═══ Dataset ═══

Lemma h_term_le_sobolev (p C beta c0 : R) (n : nat) (alpha x k m : R) :
  0 <= p -> 1 <= C -> 1 < INR n -> 1 <= x -> 0 < k -> Rpower x (2 * p) / C ^ 2 <= / k ^ 2 ->
  1 <= ln (INR n) -> 2 * c0 <= ln (INR n) -> 1 <= c0 -> 0 < alpha ->
  c0 <= (beta - alpha) * ln (INR n) ->
  h_prefactor p n alpha * h_term n alpha x k m <=
  (1 + 2 * beta + 2 * p) * C ^ 4 * exp ((1 - 2 * c0) / (1 + 2 * beta + 2 * p))
    * (Rpower x (2 * beta) * m ^ 2).
Proof.
  intros Hp HC Hn Hx Hk HkC HL1 HLc Hc0 Ha Hab.
  assert (Hba : alpha < beta) by nra.
  assert (HL1' : 1 / ln (INR n) <= 1) by (apply Rmult_le_reg_r with (ln (INR n)); [lra |];
                                          unfold Rdiv; rewrite Rmult_assoc, Rinv_l; lra).
  (* the exponent of [n] in the interpolation is chosen so that the power of [x] drops to
     [2 beta - 1/L] *)
  set (e := Rmax 0 (1 + 2 * alpha - 2 * beta + 1 / ln (INR n))).
  assert (He : 0 <= e <= 2 * (1 + 2 * alpha + 2 * p))
    by (unfold e; split; [apply Rmax_l | apply Rmax_lub]; lra).
  pose proof (h_term_le_sobolev_interp p C beta n alpha x k m e HC Hn Hx Hk HkC ltac:(lra) He
                ltac:(lra) ltac:(apply Rmax_r)) as HT.
  rewrite h_prefactor_exp by lra.
  remember (ln (INR n)) as L eqn:EL; remember (1 + 2 * alpha + 2 * p) as a eqn:Ea;
    remember (1 + 2 * beta + 2 * p) as B eqn:EB.
  assert (HeL : (e - 1) * L <= 1 - 2 * c0).
  { unfold e; apply Rmax_case; [lra |].
    replace ((1 + 2 * alpha - 2 * beta + 1 / L - 1) * L) with (2 * (alpha - beta) * L + 1)
      by (field; lra); lra. }
  eapply Rle_trans; [apply Rmult_le_compat_l; [| exact HT] |].
  { apply Rdiv_le_0_compat; [apply Rmult_le_pos; [lra | left; apply exp_pos] | lra]. }
  replace (a * exp (- L / a) / L * (C ^ 4 * Rpower (INR n) (e / a) * L * (Rpower x (2 * beta) * m ^ 2)))
    with (a * exp ((e - 1) * L / a) * C ^ 4 * (Rpower x (2 * beta) * m ^ 2)).
  2: { unfold Rpower; rewrite <- EL; replace ((e - 1) * L / a) with (- L / a + e / a * L)
         by (field; lra); rewrite exp_plus; field; lra. }
  replace (B * C ^ 4 * exp ((1 - 2 * c0) / B)) with (B * exp ((1 - 2 * c0) / B) * C ^ 4) by ring.
  apply Rmult_le_compat_r; [apply Rmult_le_pos; [left; apply exp_pos | apply pow2_ge_0] |].
  apply Rmult_le_compat_r; [apply pow_le; lra |].
  apply Rle_trans with (a * exp ((1 - 2 * c0) / a)).
  - apply Rmult_le_compat_l; [lra | apply exp_le_compat; unfold Rdiv;
      apply Rmult_le_compat_r; [left; apply Rinv_0_lt_compat |]; lra].
  - apply mul_exp_div_le; lra.
Qed.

═══

Begin at the top of the records above and quote each line exactly, ending with the line that contains "apply Rmult_le_compat_r; [apply pow_le;".

§ Written response:
Lemma h_term_le_sobolev (p C beta c0 : R) (n : nat) (alpha x k m : R) :
  0 <= p -> 1 <= C -> 1 < INR n -> 1 <= x -> 0 < k -> Rpower x (2 * p) / C ^ 2 <= / k ^ 2 ->
  1 <= ln (INR n) -> 2 * c0 <= ln (INR n) -> 1 <= c0 -> 0 < alpha ->
  c0 <= (beta - alpha) * ln (INR n) ->
  h_prefactor p n alpha * h_term n alpha x k m <=
  (1 + 2 * beta + 2 * p) * C ^ 4 * exp ((1 - 2 * c0) / (1 + 2 * beta + 2 * p))
    * (Rpower x (2 * beta) * m ^ 2).
Proof.
  intros Hp HC Hn Hx Hk HkC HL1 HLc Hc0 Ha Hab.
  assert (Hba : alpha < beta) by nra.
  assert (HL1' : 1 / ln (INR n) <= 1) by (apply Rmult_le_reg_r with (ln (INR n)); [lra |];
                                          unfold Rdiv; rewrite Rmult_assoc, Rinv_l; lra).
  (* the exponent of [n] in the interpolation is chosen so that the power of [x] drops to
     [2 beta - 1/L] *)
  set (e := Rmax 0 (1 + 2 * alpha - 2 * beta + 1 / ln (INR n))).
  assert (He : 0 <= e <= 2 * (1 + 2 * alpha + 2 * p))
    by (unfold e; split; [apply Rmax_l | apply Rmax_lub]; lra).
  pose proof (h_term_le_sobolev_interp p C beta n alpha x k m e HC Hn Hx Hk HkC ltac:(lra) He
                ltac:(lra) ltac:(apply Rmax_r)) as HT.
  rewrite h_prefactor_exp by lra.
  remember (ln (INR n)) as L eqn:EL; remember (1 + 2 * alpha + 2 * p) as a eqn:Ea;
    remember (1 + 2 * beta + 2 * p) as B eqn:EB.
  assert (HeL : (e - 1) * L <= 1 - 2 * c0).
  { unfold e; apply Rmax_case; [lra |].
    replace ((1 + 2 * alpha - 2 * beta + 1 / L - 1) * L) with (2 * (alpha - beta) * L + 1)
      by (field; lra); lra. }
  eapply Rle_trans; [apply Rmult_le_compat_l; [| exact HT] |].
  { apply Rdiv_le_0_compat; [apply Rmult_le_pos; [lra | left; apply exp_pos] | lra]. }
  replace (a * exp (- L / a) / L * (C ^ 4 * Rpower (INR n) (e / a) * L * (Rpower x (2 * beta) * m ^ 2)))
    with (a * exp ((e - 1) * L / a) * C ^ 4 * (Rpower x (2 * beta) * m ^ 2)).
  2: { unfold Rpower; rewrite <- EL; replace ((e - 1) * L / a) with (- L / a + e / a * L)
         by (field; lra); rewrite exp_plus; field; lra. }
  replace (B * C ^ 4 * exp ((1 - 2 * c0) / B)) with (B * exp ((1 - 2 * c0) / B) * C ^ 4) by ring.
  apply Rmult_le_compat_r; [apply Rmult_le_pos; [left; apply exp_pos | apply pow2_ge_0] |].
  apply Rmult_le_compat_r; [apply pow_le; lra |].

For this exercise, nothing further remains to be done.